Plasma exchange, also known as plasmapheresis, is a procedure where a machine called a cell separator is used to separate plasma from the other components of a person's blood.

During the procedure, the plasma is removed and replaced with a substitute (usually human albumin solution), and the red cells, white cells and platelets are returned to the patient.

Plasma exchange is often used to treat rare blood conditions. Some of these are briefly outlined below.

Thrombotic thrombocytopenic purpura

Thrombotic thrombocytopenic purpura is a rare clotting disorder affecting the platelets, where microscopic blood clots form and damage organs and red blood cells.

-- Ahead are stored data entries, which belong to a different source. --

Lemma component_boundary S K a x :
  S \subset K -> induced_connected e K -> a \in S -> x \in K ->
  x \notin component S a ->
  exists u u', [/\ u \in component S a, u' \in K, u' \notin S & e u u'].
Proof.
move=> /subsetP SK [_ conK] aS xK xC.
have [u [u' [uC u'C /andP [/andP [_ u'K] euu']]]] :=
  connect_exit (conK a x (SK a aS) xK) (mem_component aS) xC.
exists u, u'; split=> //; apply: contra u'C => u'S.
have uS : u \in S by apply: (subsetP (component_sub S a)).
by rewrite -(component_eq uC) mem_component_edge.
Qed.

End InducedSubgraphs.

Section Colourings.

Variables (T : finType) (e : rel T).
Implicit Types (A B S X Y : {set T}).

Definition proper_colouring k (X : {set T}) (f : {ffun T -> 'I_k}) : bool :=
  [forall x in X, forall y in X, e x y ==> (f x != f y)].

Lemma proper_colouringP k X (f : {ffun T -> 'I_k}) :
  reflect (forall x y, x \in X -> y \in X -> e x y -> f x != f y)
          (proper_colouring X f).
Proof.
apply: (iffP forall_inP) => [col x y xX yX exy|col x xX].
  by move/forall_inP: (col x xX) => /(_ y yX) /implyP; apply.
by apply/forall_inP => y yX; apply/implyP; apply: col.
Qed.

Lemma colourableS X Y k : Y \subset X -> colourable e X k -> colourable e Y k.
Proof.
move=> /subsetP YX /existsP [f /proper_colouringP col].
by apply/existsP; exists f; apply/proper_colouringP => x y /YX xX /YX; apply: col.
Qed.

Lemma colourable_widen X k k' : k <= k' -> colourable e X k -> colourable e X k'.
Proof.
move=> le_kk' /existsP [f /proper_colouringP col].
apply/existsP; exists [ffun x => widen_ord le_kk' (f x)].
by apply/proper_colouringP => x y xX yX exy; rewrite !ffunE; apply: col.
Qed.

Lemma colourableU A B a b :
  colourable e A a -> colourable e B b -> colourable e (A :|: B) (a + b).
Proof.
move=> /existsP [fA /proper_colouringP colA] /existsP [fB /proper_colouringP colB].
apply/existsP; exists [ffun v => if v \in A then lshift b (fA v) else rshift a (fB v)].
apply/proper_colouringP => x y; rewrite !inE !ffunE => xAB yAB exy.
case xA: (x \in A); case yA: (y \in A); rewrite ?eq_shift //; first exact: colA.
by move: xAB yAB; rewrite xA yA => /= xB yB; apply: colB.
Qed.

(* Colourings are maps on all of [T], so [set0] is not [0]-colourable unless
   [T] is empty. *)
Lemma colourableU_nonempty A B a b :
  (A != set0 -> colourable e A a) -> (B != set0 -> colourable e B b) ->
  A :|: B != set0 -> colourable e (A :|: B) (a + b).
Proof.
move=> colA colB; have [->|A0] := eqVneq A set0.
  by rewrite set0U => /colB; apply: colourable_widen; rewrite leq_addl.
have [-> _|B0] := eqVneq B set0; last by rewrite colourableU ?colA ?colB.
by rewrite setU0; apply: colourable_widen (colA A0); rewrite leq_addr.
Qed.

Hypothesis e_sym : symmetric e.

(* The colouring of each component is chosen as a function of the component
   itself, so adjacent vertices, which share their component, use the same one. *)
Lemma colourable_components S m :
  S != set0 -> {in S, forall v, colourable e (component e S v) m} ->
  colourable e S m.
Proof.
move=> /set0Pn [v0 v0S] colC.
have [f0 _] := existsP (colC v0 v0S).
pose g C := odflt f0 [pick f | proper_colouring C f].
have gP v : v \in S -> proper_colouring (component e S v) (g (component e S v)).
  move=> vS; rewrite /g; case: pickP => [f //|no_col].
  have [f colf] := existsP (colC v vS).
  by move: (no_col f); rewrite /= /proper_colouring colf.
apply/existsP; exists [ffun v => g (component e S v) v].
apply/proper_colouringP => x y xS yS exy; rewrite !ffunE.
have yC := mem_component_edge xS yS exy.
rewrite (component_eq e_sym yC).
by move/proper_colouringP: (gP x xS); apply=> //; apply: mem_component.
Qed.

Lemma chi_leq X k : colourable e X k -> chi e X <= k.
Proof. by move=> colX; rewrite /chi; case: ex_minnP => m _; apply; rewrite colX. Qed.

Hypothesis e_irr : irreflexive e.

Lemma colourable_card X : colourable e X #|T|.
Proof.
apply/existsP; exists [ffun x => enum_rank x].
apply/proper_colouringP => x y _ _ exy; rewrite !ffunE (inj_eq enum_rank_inj).
by apply: contraTneq exy => ->; rewrite e_irr.
Qed.

Lemma colourable_chi X : colourable e X (chi e X).
Proof.
rewrite /chi; case: ex_minnP => m /orP [//|/eqP ->] /(_ #|T|).
by rewrite colourable_card ltnn => /(_ isT).
Qed.

Lemma ltn_chi X k : (k < chi e X) = ~~ colourable e X k.
Proof.
apply/idP/idP => [|/negP ncol]; first by apply: contraL => /chi_leq; rewrite leqNgt.
by rewrite ltnNge; apply: contra_notN ncol => /colourable_widen; apply; apply: colourable_chi.
Qed.

End Colourings.

Section Levels.

Variables (T : finType) (n : nat) (W : 'I_n -> {set T}).

(* The index of the block containing [v]; the default [0] for a vertex in no
   block never occurs for a grading. *)
Definition level (v : T) : nat :=
  if [pick i | v \in W i] is Some i then val i else 0.

Hypothesis W_grading : grading W.

Lemma levelE v i : v \in W i -> level v = i.
Proof.
move=> vi; rewrite /level; case: pickP => [j vj|/(_ i)]; last by rewrite vi.
have [-> //|ji] := eqVneq j i.
by rewrite (disjointFr (W_grading.1 j i ji) vj) in vi.
Qed.

Lemma level_block v : exists2 i : 'I_n, v \in W i & level v = i.
Proof.
have : v \in \bigcup_(i < n) W i by rewrite W_grading.2 inE.
by case/bigcupP => i _ vi; exists i; last apply: levelE.
Qed.

Lemma earlier_level u v : level u < level v -> earlier W u v.
Proof.
have [i ui ->] := level_block u; have [j vj ->] := level_block v.
by exists i, j.
Qed.

Lemma mem_block_level u v i : u \in W i -> level v = level u -> v \in W i.
Proof.
move=> ui; have [j vj ->] := level_block v; rewrite (levelE ui) => /val_inj ji.
by rewrite -ji.
Qed.

End Levels.

Section NoSeparatedPair.

Variables (T : finType) (e : rel T) (w c n : nat) (W : 'I_n -> {set T}).
Hypotheses (e_sym : symmetric e) (e_irr : irreflexive e) (W_grading : grading W).
Hypothesis colourable_W : forall i, colourable e (W i) w.
Local Notation level := (level W).

Hypothesis no_pair : forall X Y x y,
  induced_connected e X -> induced_connected e Y ->
  c < chi e X -> c < chi e Y -> {in Y & X, forall y x, level y < level x} ->
  x \in X -> y \in Y -> ~~ e x y.
(* Let Z certify stationarity, put c_k = us_k / u_k on the support of u, and
   Y_kl = sg u_k sg u_l Z_kl.  Row k of Z u = 0 reads sum_l |u_l| Y_kl = 0, where
   Y_kl = sg c_k on {c_l < 1/c_k} and -sg c_k on {c_l > 1/c_k}: so 1/c_k is a
   median of the ratios for the weights |u_l|, and the sign of Y on the ties
   {c_l = 1/c_k} is forced when 1/c_k is an endpoint of the median interval.
   Comparing rows i and j shows that c_i c_j = 1 forces c_i = c_j, and that
   c_i = c_j = -1 forces Y_ij = -1 unless us = -u.  Hence Z_ij w_i w_j = -|w_i w_j|
   on every vanishing entry of D = u u^T - us us^T, where w = us - u.  Since
   (u + t w)(u + t w)^T - us us^T = (1 - t)(D - t w w^T), for small t > 0 every
   entry has absolute value Z_ij (1 - t)(D_ij - t w_i w_j), and Z u = 0 turns
   the sum into f(u + t w) = (1 - t^2) f(u).  Replacing us by -us gives the
   direction -us - u. *)

From HB Require Import structures.
From mathcomp Require Import all_boot all_order all_algebra.
From mathcomp Require Import all_classical all_reals all_analysis.
From mathcomp Require Import ring lra.
Import Order.TTheory GRing.Theory Num.Theory.
Import numFieldNormedType.Exports.
Local Open Scope classical_set_scope.
Local Open Scope ring_scope.
Set Implicit Arguments. Unset Strict Implicit. Unset Printing Implicit Defensive.

Section WeightedMedian.
Variables (R : realDomainType) (I : finType) (w c : I -> R).
Hypothesis w_ge0 : forall l, 0 <= w l.

Definition mass_below x := \sum_(l | c l < x) w l.
Definition mass_above x := \sum_(l | x < c l) w l.
Definition mass_at x := \sum_(l | c l == x) w l.

Definition median x := `|mass_below x - mass_above x| <= mass_at x.

Definition balanced (y : I -> R) (sigma x : R) :=
  [/\ \sum_l w l * y l = 0, forall l, `|y l| <= 1, `|sigma| = 1,
      forall l, w l != 0 -> c l < x -> y l = sigma
    & forall l, w l != 0 -> x < c l -> y l = - sigma].

Lemma sum_split_at (F : I -> R) x :
  \sum_l F l =
  \sum_(l | c l < x) F l + \sum_(l | c l == x) F l + \sum_(l | x < c l) F l.
Proof.
rewrite (bigID (fun l => c l < x)) /= -addrA; congr (_ + _).
rewrite (bigID (fun l => c l == x)) /=; congr (_ + _); apply: eq_bigl => l.
  by case: ltgtP.
by case: ltgtP.
Qed.

Lemma sum_le_subpred (P Q : pred I) :
  {subset P <= Q} -> \sum_(l | P l) w l <= \sum_(l | Q l) w l.
Proof.
move=> PQ; rewrite [leRHS](bigID P) /= (eq_bigl P) ?lerDl ?sumr_ge0 // => l.
exact/andb_idl/PQ.
Qed.
(* Let $Y$ be a real Banach space and $X$ a closed linear subspace of $Y$, and let $q\colon Y^*\to X^*$ be the restriction map $q(y^* )=y^*|_X$. Put $\mathcal{HB}(S_{X^*}):=\{y^*\in Y^*:\ \|y^*\|=1,\ \|q(y^* )\|=1\}$. Then $X$ has property U in $Y$ if and only if the restriction $q|_{\mathcal{HB}(S_{X^*})}\colon \mathcal{HB}(S_{X^*})\to S_{X^*}$ (which is always onto) is one-to-one. Moreover, if this is the case, then $q|_{\mathcal{HB}(S_{X^*})}$ is a homeomorphism from $\mathcal{HB}(S_{X^*})$ onto $S_{X^*}$, both endowed with the relative weak$^*$ topologies.
   Context: A closed subspace $X$ of a Banach space $Y$ has property U in $Y$ if every $x^*\in X^*$ has a unique Hahn–Banach (norm-preserving) extension to $Y$, i.e. for every $x^*\in X^*$ there is exactly one $y^*\in Y^*$ with $y^*|_X=x^*$ and $\|y^*\|=\|x^*\|$. $S_Z$ denotes the unit sphere of a Banach space $Z$. *)

From HB Require Import structures.
From mathcomp Require Import all_boot all_order all_algebra.
From mathcomp Require Import all_classical all_reals all_analysis.
Set Implicit Arguments. Unset Strict Implicit. Unset Printing Implicit Defensive.
Import Order.TTheory GRing.Theory Num.Theory.
Import numFieldNormedType.Exports.
Local Open Scope classical_set_scope.
Local Open Scope ring_scope.

Section Duality.
Variables (R : realType) (Y : normedModType R).

Definition is_linear_subspace (X : set Y) : Prop :=
  X 0 /\ (forall (a : R) (x y : Y), X x -> X y -> X (a *: x + y)).

Definition in_dualY (f : Y -> R) : Prop :=
  (forall (a : R) (x y : Y), f (a *: x + y) = a * f x + f y) /\ continuous f.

Plasma exchange separates and removes the plasma from the rest of your blood and replaces it with solvent detergent plasma. This replenishes levels of a vital enzyme that controls the platelet clotting and removes the antibodies responsible for the condition.

Multiple myeloma and Waldenström's macroglobulinaemia

Multiple myeloma and Waldenström's macroglobulinaemia are both rare types of bone marrow cancer where abnormal bone marrow cells create large amounts of a protein called a paraprotein (immunoglobulin).

If the protein levels in the blood become too high, the blood can thicken, which is known as hyperviscosity. The symptoms of hyperviscosity include:

  • headaches
  • fatigue (tiredness)
  • blurred vision

Plasma exchange reduces the amount of abnormal protein in the blood, which helps relieve the symptoms.

However, the process does not prevent the production of immunoglobulin. Other treatments, such as chemotherapy, may be required to achieve this.

Plasma exchange procedure

During plasma exchange, a machine called a cell separator is used to separate the plasma from the rest of your blood. A needle is inserted into a vein in the arm and the blood is removed and passed through the cell separator.

The plasma is separated from the rest of your blood and a plasma substitute is added before the blood is returned through a needle in a vein in the other arm.

Plasma exchange takes about two hours to perform. During the process, only a small amount of blood (less than 100ml) will be outside the body at any one time. This is because the blood is being removed and returned at the same rate.

The amount of plasma exchanged will depend on factors such as:

  • your height
  • your weight
  • how viscous (thick) your blood is

The number of plasma exchanges needed will depend on your symptoms and how well you are responding to your other treatments.

Side effects

Feeling faint or lightheaded are both possible side effects of a plasma exchange. If you feel faint or lightheaded, you should tell the healthcare professional treating you.

The symptoms can usually be effectively treated by changing to a lying down position. Ensuring you have something to eat on the day of the procedure will also help prevent these symptoms.

During a plasma exchange, you may also experience numbness or a tingling sensation around your nose and mouth and in your fingers.

This is caused by a substance called citrate, which is added to your blood as it goes through the machine to prevent it clotting. The citrate may affect the levels of calcium in your blood.

Let the healthcare professional treating you know if you experience numbness or tingling sensations. They may stop the plasma exchange for a few minutes until your body adjusts to the increased citrate levels in your blood, or they may increase the level of calcium in your blood.